# Independent financial advisor



## max11 (May 27, 2019)

Hi All,
can anyone please recommend (from positive personal experience) an independent financial advisor, with a global and Italian outlook, as well as familiar with the implications of international investments ?
Thank you
Max


----------



## NickZ (Jun 26, 2009)

Only thing I can say is there aren't really any international implications. The main thing I can think of is Italian government bonds receive a preferential tax rate of 12.5%. Other than that the only other thing is currency risk. But hedging isn't cost free.
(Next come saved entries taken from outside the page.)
Theorem mainTheorem5 (R : realFieldType) (n d : nat)
  (M : 'M[R]_n) (Q : 'M[R]_(n, d)) (q : 'cV[R]_n) :
  sufficient M ->
  \rank Q = d ->
  general_position M Q q ->
  forall B1 B2 : {set 'I_(n + n)},
    compl_basis M B1 -> compl_basis M B2 -> B1 != B2 ->
    forall z : 'cV[R]_n,
      ~ (relint (crit_domain M Q q B1) z /\ relint (crit_domain M Q q B2) z).
Proof.
move=> [Mcs _] _ gp B1 B2 bas1 bas2 B12 z [[[z_cone1 z_S] _] z_rel2].
have [p1 [p1_S p1_int]] := gp B1 bas1 (ex_intro _ z (conj z_S z_cone1)).
have [p2 [p2_S p2_int]] := gp B2 bas2 (ex_intro _ z (conj z_S z_rel2.1.1)).
have [s s_gt0 p2v_cone] := interior_shift (p1 - z) p2_int.
have p2_dom : crit_domain M Q q B2 p2.
  by split=> //; case: p2_int => e e_gt0; apply => i; rewrite subrr normr0.
have p2v_dom : crit_domain M Q q B2 (p2 + s *: (p1 - z)).
  by split=> //; apply: affS_shift.
have [t t_gt0 [t_le1 [[mu [mu_ge0 x_mu]] _]]] :=
  relint_shift z_rel2 p2_dom p2v_dom s_gt0.
have [l1 [l1_gt0 p1_l1]] := interior_ccone_pos bas1 p1_int.
have [l [l_gt0 x_l]] := ccone_segment_pos z_cone1 l1_gt0 p1_l1 t_gt0 t_le1.
have same_point : Amat M *m ext l = Amat M *m ext mu by rewrite !Amat_ext -x_l.
move/eqP: B12; apply; apply: (complementary_representation_unique Mcs bas1 bas2
  (ext_gt0 l_gt0) (ext_supported l) (ext_ge0 mu_ge0) (ext_supported mu) same_point).
Qed.
(* For every positive integer $t$ there exist constants $\alpha,\beta,\gamma>0$ such that the following holds. Let $s$ be a positive integer and $n\geq 2$ an integer, and let $G$ be a semilinear graph of complexity $t$ on $n$ vertices that contains no clique of size $s$. Then $$\chi(G)\leq \alpha s^{\beta}(\log n)^{\gamma}.$$
   Context: A function $f:\mathbb{R}^{m}\to\mathbb{R}$ is linear if $f(\mathbf{x})=b+\sum_{i=1}^m a_i\mathbf{x}(i)$ for some reals $a_1,\dots,a_m,b$. A (finite, simple) graph $G$ is semilinear of complexity $t$ if $V(G)\subset\mathbb{R}^d$ for some positive integer $d$, and there are $t$ linear functions $f_1,\dots,f_t:\mathbb{R}^d\times\mathbb{R}^d\to\mathbb{R}$ and a Boolean function $\phi:\{\mathrm{F},\mathrm{T}\}^{3t}\to\{\mathrm{F},\mathrm{T}\}$ such that for distinct $\mathbf{x},\mathbf{y}\in V(G)$, $\{\mathbf{x},\mathbf{y}\}$ is an edge iff $\phi\big(\{f_i(\mathbf{x},\mathbf{y})<0,\ f_i(\mathbf{x},\mathbf{y})\leq 0,\ f_i(\mathbf{x},\mathbf{y})=0\}_{i\in[t]}\big)=\mathrm{T}$; it is assumed that this truth value is unchanged when $\mathbf{x}$ and $\mathbf{y}$ are swapped. $\chi(G)$ is the chromatic number. *)

From HB Require Import structures.
From mathcomp Require Import all_boot all_order all_algebra.
From mathcomp Require Import all_classical all_reals all_analysis.
Set Implicit Arguments. Unset Strict Implicit. Unset Printing Implicit Defensive.
Import Order.TTheory GRing.Theory Num.Theory.
Local Open Scope ring_scope.

Definition colorable (T : finType) (e : rel T) (k : nat) : bool :=
  [exists f : {ffun T -> 'I_k}, [forall x, forall y, e x y ==> (f x != f y)]].

Lemma colorable_card (T : finType) (e : rel T) :
  irreflexive e -> exists k, colorable e k.
Proof.
move=> irr; exists #|T|; apply/existsP; exists [ffun x => enum_rank x].
apply/forallP=> x; apply/forallP=> y; apply/implyP=> exy.
rewrite !ffunE; apply/negP=> /eqP /enum_rank_inj exy'.
by move: exy; rewrite exy' irr.
Qed.

Definition chromatic_number (T : finType) (e : rel T) (irr : irreflexive e) : nat :=
  ex_minn (colorable_card irr).

Definition clique (T : finType) (e : rel T) (S : {set T}) : Prop :=
  forall x y, x \in S -> y \in S -> x != y -> e x y.

Definition linf (R : realType) (t d : nat)
  (ax ay : 'I_t -> 'rV[R]_d) (b : 'I_t -> R) (i : 'I_t) (x y : 'rV[R]_d) : R :=
  b i + \sum_(j < d) ax i ord0 j * x ord0 j + \sum_(j < d) ay i ord0 j * y ord0 j.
If you have somebody that you trust talk to them. Explain the change in your situation. If you'll need income in € or not.


----------



## max11 (May 27, 2019)

NickZ said:


> Only thing I can say is there aren't really any international implications. The main thing I can think of is Italian government bonds receive a preferential tax rate of 12.5%. Other than that the only other thing is currency risk. But hedging isn't cost free.
> 
> If you have somebody that you trust talk to them. Explain the change in your situation. If you'll need income in € or not.


Thank you NickZ

In reality for example in the UK there are some "ISA account", where the interests you earn are protected from taxation in the UK but not in Italy (or rest of the world)

I have found online 3-4 names of IFA's but the "problem" is that I do not know any of them


----------



## NickZ (Jun 26, 2009)

I'd look for an UK person that deals with expats. It's more likely they'll know what you need.

Have you checked both the tax and social security agreements? The ISA might have some protections


----------



## NickZ (Jun 26, 2009)

http://www.legislation.gov.uk/uksi/1953/884/pdfs/uksi_19530884_301114_en.pdf

1953 wonder if it's been updated -)


----------



## max11 (May 27, 2019)

NickZ said:


> I'd look for an UK person that deals with expats. It's more likely they'll know what you need.
> 
> Have you checked both the tax and social security agreements? The ISA might have some protections


Not really, but that is a good point. Thank you, I did not know there were such agreements


----------